Words of wisdom (these are hugely popular with Chinese fans)

*“Judge a man on how he reacts to failure, not success.” — Martin Luther King (March 27 14:31,2011).

*When you are afraid of trying something new, think about this: Titanic was built by experts; Noah’s Ark was built by beginners (June 24, 10:45, 2011).

*”And the only way to do great work is to love what you do. If you haven’t found it yet, keep looking. Don’t settle. As with all matters of the heart, you’ll know when you find it.” –from Steve Jobs’ Stanford commencement address (March 15, 09:15, 2011).

On Celebrities

* One day, people would no longer use iPhones, iPads, Macs. Apple may even lose its luster, but Steve Jobs’ belief and wisdom will survive. His commencement speech at Stanford (“Stay hunger, stay foolish,” “connect the dots,” “follow your heart”‘) will stimulate young people the way those of Churchill, Lincoln and Martin Luther King do (October 6, 19:42, 2011).

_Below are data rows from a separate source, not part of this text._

(* Let $F:\mathcal{P}(V,A)\to S_2(A)$ be an irreducible, weakly viable consular election rule satisfying SPP and SPO. If $\{a,b\}$ is an edge of the range graph $\mathcal{G}(F)$, then there exists $c\in A$ such that $\{a,c\}$ and $\{b,c\}$ are also edges of $\mathcal{G}(F)$ (so $a,b,c$ form a $3$-cycle).
   Context: $V$ is a finite nonempty set of voters, $A$ a finite set of alternatives; a profile $P$ assigns to each voter $i$ a linear order $P_i$ on $A$; $P_i'P_{-i}$ replaces voter $i$'s order by $P_i'$; $P|_B$ is the profile of restrictions to $B\subseteq A$. $S_2(A)$ is the set of 2-element subsets of $A$; a consular election rule is a map $F:\mathcal{P}(V,A)\to S_2(A)$. SPO: for all $P$, $i$, $P_i'$, $\mathrm{best}(P_i,F(P))\succeq_i\mathrm{best}(P_i,F(P_i'P_{-i}))$; SPP: same with $\mathrm{worst}$, where $\mathrm{best}(P_i,W)$, $\mathrm{worst}(P_i,W)$ are the $P_i$-best and $P_i$-worst elements of $W$. Weakly viable: every $a\in A$ lies in $F(P)$ for some $P$. $F$ is reducible if there is a partition $A=B\uplus C$ and social choice functions $G:\mathcal{P}(V,B)\to B$, $H:\mathcal{P}(V,C)\to C$ with $F(P)=\{G(P|_B),H(P|_C)\}$ for all $P$; irreducible means not reducible. The range graph $\mathcal{G}(F)$ has vertex set $A$ and edge set equal to the range of $F$. *)

From mathcomp Require Import all_boot.
Unset Printing Implicit Defensive.

(* A (strict) linear order on a finite type T: r x y means "x is strictly preferred to y". *)
Definition is_linear_order {T : finType} (r : rel T) : Prop :=
  irreflexive r /\ transitive r /\ (forall x y, x != y -> r x y || r y x).

Definition lorder (T : finType) := { r : rel T | is_linear_order r }.

Definition lrel {T : finType} (o : lorder T) : rel T := proj1_sig o.

Definition profile (V T : finType) := V -> lorder T.

Definition update {V T : finType} (P : profile V T) (i : V) (Pi' : lorder T)
  : profile V T := fun j => if j == i then Pi' else P j.

Definition restr_rel {T : finType} (B : {set T}) (r : rel T) : rel {x : T | x \in B} :=
  fun x y => r (val x) (val y).

Lemma restr_linear {T : finType} (B : {set T}) (o : lorder T) :
  is_linear_order (@restr_rel T B (lrel o)).
Proof.
case: o => r [Hi [Ht Hc]]; rewrite /restr_rel /lrel /=; split; last split.
- by move=> x; apply: Hi.
- by move=> x y z; apply: Ht.
- by move=> x y Hxy; apply: Hc; apply: contra Hxy => /eqP H; apply/eqP; apply: val_inj.
Qed.

Definition restr_order {T : finType} (B : {set T}) (o : lorder T)
  : lorder {x : T | x \in B} := exist _ _ (restr_linear B o).

Definition restr_profile {V T : finType} (B : {set T}) (P : profile V T)
  : profile V {x : T | x \in B} := fun i => restr_order B (P i).

Definition consular_rule {V A : finType} (F : profile V A -> {set A}) : Prop :=
  forall P, #|F P| = 2.
(* For every positive integer $n$, as formal power series in $z$, \[ \sum_{k \geq 0} \overline{{ n+k-1 \brack k}}_{q,t} z^k q^k = \sum_{k \geq 0} \frac{z^k q^{k^2+k} (-t zq^2;q)_{k}}{(zq;q)_{k+1}} \left( \overline{{ n-1 \brack k}}_{q,t} +t z q^{2k+2} \overline{{ n-2 \brack k}}_{q,t} \right). \]
   Context: An overpartition is a partition in which the last occurrence of each distinct part size may be overlined; its weight $|\lambda|$ is the sum of its parts. For integers $a,b$ with $0\le b\le a$, $\overline{{a \brack b}}_{q,t}=\sum_{\lambda} t^{\#_o(\lambda)} q^{|\lambda|}$, the sum over all overpartitions $\lambda$ with largest part at most $a-b$ and at most $b$ parts, $\#_o(\lambda)$ being the number of overlined parts; for all other integer pairs $(a,b)$ it is $0$. Notation: $(x;q)_k=\prod_{j=1}^{k}(1-xq^{j-1})$, $(x;q)_0=1$. *)

From HB Require Import structures.
From mathcomp Require Import all_boot all_order all_algebra.
Set Implicit Arguments. Unset Strict Implicit. Unset Printing Implicit Defensive.
Import Order.TTheory GRing.Theory Num.Theory.
Local Open Scope ring_scope.

(* An overpartition with at most b parts, all parts <= m, is encoded as a
   b-tuple of (part, overlined?) pairs listed in nonincreasing order of the
   parts, padded at the end with entries of part 0 (which are not overlined).
   Only the last occurrence of a part size may be overlined: an overlined
   entry must be followed (if anything follows) by a strictly smaller part. *)
Definition ovp_part (b m : nat) (f : {ffun 'I_b -> 'I_m.+1 * bool}) (i : nat) : nat :=
  match insub i with Some j => nat_of_ord (f j).1 | None => 0%N end.

Definition ovp_valid (b m : nat) (f : {ffun 'I_b -> 'I_m.+1 * bool}) : bool :=
  [forall i : 'I_b,
     [&& (ovp_part f i.+1 <= ovp_part f i)%N,
         ((f i).2 ==> (0 < ovp_part f i)%N) &
         ((f i).2 ==> (ovp_part f i.+1 < ovp_part f i)%N)]].

Definition ovp_weight (b m : nat) (f : {ffun 'I_b -> 'I_m.+1 * bool}) : nat :=
  (\sum_(i < b) nat_of_ord (f i).1)%N.
Definition ovp_nover (b m : nat) (f : {ffun 'I_b -> 'I_m.+1 * bool}) : nat :=
  (\sum_(i < b) nat_of_bool (f i).2)%N.

Definition ovbin (R : comUnitRingType) (q t : R) (a b : int) : R :=
  if (0 <= b) && (b <= a) then
    \sum_(f : {ffun 'I_`|b|%N -> 'I_(`|a - b|%N).+1 * bool} | ovp_valid f)
       t ^+ ovp_nover f * q ^+ ovp_weight f
  else 0.

Definition fps (R : comUnitRingType) := nat -> R.

Section FPS.
Variable R : comUnitRingType.

Definition fps_c (c : R) : fps R := fun n => if n == 0%N then c else 0.
Definition fps_z : fps R := fun n => (n == 1%N)%:R.
Definition fps_add (f g : fps R) : fps R := fun n => f n + g n.
Definition fps_opp (f : fps R) : fps R := fun n => - f n.
Definition fps_mul (f g : fps R) : fps R :=
  fun n => \sum_(i < n.+1) f i * g (n - i)%N.
Definition fps_exp (f : fps R) (k : nat) : fps R := iter k (fps_mul f) (fps_c 1).

(* multiplicative inverse of a series whose constant term is a unit *)
Fixpoint fps_inv_seq (f : fps R) (n : nat) : seq R :=
  match n with
  | 0 => [:: (f 0%N)^-1]
  | n'.+1 => let s := fps_inv_seq f n' in
      rcons s (- (f 0%N)^-1 * \sum_(i < n'.+1) f i.+1 * nth 0 s (n' - i)%N)
  end.
Definition fps_inv (f : fps R) : fps R := fun n => nth 0 (fps_inv_seq f n) n.

Definition qpoch (x : fps R) (q : R) (k : nat) : fps R :=
  foldr (fun j acc => fps_mul (fps_add (fps_c 1)
                        (fps_opp (fps_mul (fps_c (q ^+ j)) x))) acc)
        (fps_c 1) (iota 0 k).

(* Sum over k >= 0 of series F k, where F k has z-adic valuation >= k
   (true for both sides of the theorem): the coefficient of z^N is the
   finite sum of the coefficients of z^N in F 0, ..., F N. *)
Definition fps_sum (F : nat -> fps R) : fps R :=
  fun N => \sum_(k < N.+1) F k N.
End FPS.
Arguments fps_z {R}.

From HB Require Import structures.
From mathcomp Require Import all_boot all_order all_algebra.
From mathcomp Require Import ring zify.
Set Implicit Arguments. Unset Strict Implicit. Unset Printing Implicit Defensive.
Import Order.TTheory GRing.Theory Num.Theory.
Local Open Scope ring_scope.

(* Both sides equal (-tzq^2;q)_(n-1) / (zq;q)_n. Removing the largest part of an
   overpartition with at most k parts, all at most M, gives a recurrence in M for
   their generating polynomials, from which sum_k [M + k, k] q^k z^k =
   (-tzq^2;q)_M / (zq;q)_(M+1) follows by induction on M. On the right,
   multiplying by (zq;q)_n leaves a polynomial identity, proved by induction on n:
   the difference of consecutive instances telescopes in k thanks to a three-term
   recurrence for the overpartition Gaussian polynomials. All series identities
   are proved modulo z^N (take_poly N), where (zq;q)_n can be cancelled. *)

Section Truncation.
Variable R : comUnitRingType.
Implicit Types (p r s : {poly R}) (f g : fps R).

Lemma take_polyMl n p r : take_poly n (take_poly n p * r) = take_poly n (p * r).
Proof.
by rewrite -[in RHS](poly_take_drop n p) mulrDl take_polyD mulrAC take_polyMXn_0 addr0.
Qed.

Lemma take_polyMr n p r : take_poly n (p * take_poly n r) = take_poly n (p * r).
Proof. by rewrite mulrC take_polyMl mulrC. Qed.

Lemma take_polyXnM n k p : (n <= k)%N -> take_poly n ('X^k * p) = 0.
Proof. by move=> le_nk; rewrite mulrC take_polyMXn (eqP le_nk) take_poly0l mul0r. Qed.

Definition fps_trunc n f : {poly R} := \poly_(i < n) f i.

Definition fps_agree n f p := fps_trunc n f = take_poly n p.

Lemma fps_agreeP n f p : fps_agree n f p <-> (forall i, (i < n)%N -> f i = p`_i).
Proof.
split=> [E i lt_in|E]; last first.
  by apply/polyP => i; rewrite coef_poly coef_take_poly; case: ifP => // /E.
by have /(congr1 (fun s => s`_i)) := E; rewrite coef_poly coef_take_poly lt_in.
Qed.

Lemma fps_agree_trunc n f : fps_agree n f (fps_trunc n f).
Proof. by apply/fps_agreeP => i lt_in; rewrite coef_poly lt_in. Qed.

Lemma fps_agree_c n c : fps_agree n (fps_c c) c%:P.
Proof. by apply/fps_agreeP => i _; rewrite coefC. Qed.

Lemma fps_agree_z n : fps_agree n fps_z 'X.
Proof. by apply/fps_agreeP => i _; rewrite coefX. Qed.

Lemma fps_agree_add n f g p r :
  fps_agree n f p -> fps_agree n g r -> fps_agree n (fps_add f g) (p + r).
Proof.
move=> /fps_agreeP Ef /fps_agreeP Eg.
by apply/fps_agreeP => i lt_in; rewrite coefD -Ef -?Eg.
Qed.

Lemma fps_agree_opp n f p : fps_agree n f p -> fps_agree n (fps_opp f) (- p).
Proof. by move=> /fps_agreeP Ef; apply/fps_agreeP => i lt_in; rewrite coefN -Ef. Qed.

Lemma fps_trunc_mul n f g :
  fps_trunc n (fps_mul f g) = take_poly n (fps_trunc n f * fps_trunc n g).
Proof.
apply/polyP => i; rewrite coef_poly coef_take_poly coefM; case: ifP => // lt_in.
apply: eq_bigr => j _; rewrite !coef_poly (leq_ltn_trans (leq_subr _ _) lt_in).
by rewrite (leq_ltn_trans _ lt_in) // -ltnS.
Qed.

Lemma fps_agree_mul n f g p r :
  fps_agree n f p -> fps_agree n g r -> fps_agree n (fps_mul f g) (p * r).
Proof. by rewrite /fps_agree fps_trunc_mul => -> ->; rewrite take_polyMl take_polyMr. Qed.

Lemma fps_agree_exp n f p k : fps_agree n f p -> fps_agree n (fps_exp f k) (p ^+ k).
Proof.
move=> Ef; elim: k => [|k IHk]; first exact: fps_agree_c.
by rewrite exprS; apply: fps_agree_mul.
Qed.

Lemma fps_agree_qpoch n x px (q : R) k : fps_agree n x px ->
  fps_agree n (qpoch x q k) (\prod_(0 <= j < k) (1 - (q ^+ j)%:P * px)).
Proof.
move=> Ex; rewrite /qpoch /index_iota subn0; elim: (iota 0 k) => [|j s IHs] /=.
  by rewrite big_nil; apply: fps_agree_c.
rewrite big_cons; apply: fps_agree_mul => //.
apply: fps_agree_add; first exact: fps_agree_c.
by apply/fps_agree_opp/fps_agree_mul => //; apply: fps_agree_c.
Qed.

Lemma fps_agree_monomial n c k :
  fps_agree n (fps_mul (fps_c c) (fps_exp fps_z k)) (c%:P * 'X^k).
Proof. by apply: fps_agree_mul; [apply: fps_agree_c | apply/fps_agree_exp/fps_agree_z]. Qed.

Lemma fps_sum_agree n (F : nat -> fps R) (P : nat -> {poly R}) N :
  (forall k, fps_agree n (F k) (P k)) -> (N < n)%N ->
  fps_sum F N = (\sum_(k < N.+1) P k)`_N.
Proof.
by move=> E lt_Nn; rewrite coef_sum; apply: eq_bigr => k _; have /fps_agreeP -> := E k.
Qed.

Lemma size_fps_inv_seq f i : size (fps_inv_seq f i) = i.+1.
Proof. by elim: i => //= i IHi; rewrite size_rcons IHi. Qed.

Lemma nth_fps_inv_seq f i j : (j <= i)%N -> nth 0 (fps_inv_seq f i) j = fps_inv f j.
Proof.
elim: i => [|i IHi] le_ji; first by move: le_ji; rewrite leqn0 => /eqP->.
case: (ltnP j i.+1) => [lt_ji|le_ij].
  by rewrite /= nth_rcons size_fps_inv_seq lt_ji IHi.
by have -> : j = i.+1 by apply/eqP; rewrite eqn_leq le_ji le_ij.
Qed.

Lemma fps_mul_invr f : f 0%N = 1 -> fps_mul f (fps_inv f) =1 fps_c 1.
Proof.
move=> f0 [|i]; first by rewrite /fps_mul big_ord1 /fps_inv /= f0 invr1 mulr1.
rewrite /fps_mul big_ord_recl /= subn0 f0 mul1r.
rewrite {1}/fps_inv /= nth_rcons size_fps_inv_seq ltnn eqxx f0 invr1 mulN1r addrC.
rewrite (eq_bigr (fun j : 'I_i.+1 => f j.+1 * nth 0 (fps_inv_seq f i) (i - j))) ?subrr //.
by move=> j _; rewrite /bump /= add1n subSS nth_fps_inv_seq // leq_subr.
Qed.

Lemma fps_agree_inv n f p : f 0%N = 1 -> fps_agree n f p ->
  take_poly n (p * fps_trunc n (fps_inv f)) = take_poly n 1.
Proof.
move=> f0 Ef; rewrite -take_polyMl -Ef -fps_trunc_mul.
rewrite -(fps_agree_c n 1); apply/polyP => i; rewrite !coef_poly.
by case: ifP; rewrite ?fps_mul_invr.
Qed.

Lemma take_poly_mul2l n p r s : p`_0 = 1 ->
  take_poly n (p * r) = take_poly n (p * s) -> take_poly n r = take_poly n s.
Proof.
move=> p0 E; pose v := fps_trunc n (fps_inv (nth 0 p)).
have pv1 : take_poly n (p * v) = take_poly n 1 by apply: fps_agree_inv.
have cancel_p u : take_poly n u = take_poly n (v * (p * u)).
  by rewrite mulrA [v * p]mulrC -take_polyMl pv1 take_polyMl mul1r.
by rewrite cancel_p [RHS]cancel_p -take_polyMr E take_polyMr.
Qed.

End Truncation.

Section OverpartitionEncoding.
Variables (b m : nat).
Local Notation entry := ('I_m.+1 * bool)%type.

Definition ovp_cons (x : entry) (g : {ffun 'I_b -> entry}) : {ffun 'I_b.+1 -> entry} :=
  [ffun i => if unlift ord0 i is Some j then g j else x].

Lemma ovp_cons0 x g : ovp_cons x g ord0 = x.
Proof. by rewrite ffunE unlift_none. Qed.

Lemma ovp_consS x g j : ovp_cons x g (lift ord0 j) = g j.
Proof. by rewrite ffunE liftK. Qed.

Lemma ovp_part_ord n (f : {ffun 'I_n -> entry}) (i : 'I_n) : ovp_part f i = (f i).1.
Proof. by rewrite /ovp_part valK. Qed.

* Facebook CEO Mark Zuckerberg talks about his Law of Social Sharing: the amount of stuff you shared today is double the amount you shared a year ago. It creates similar compounding effects much like Moore’s law in semiconductor ( July 8, 11:03, 2011).

*HTC recently caught worldwide attention with its market cap exceeding Nokia’s. HTC chairwoman is Cher Wang, daughter of Taiwanese tycoon Wang Yung-ching. She started from scratches despite hailing from a wealthy family and may accomplish more than her father. She is a model of China’s second generation of family wealth, and an investor in my company Innovation Works ( April 10, 13:47, 2011).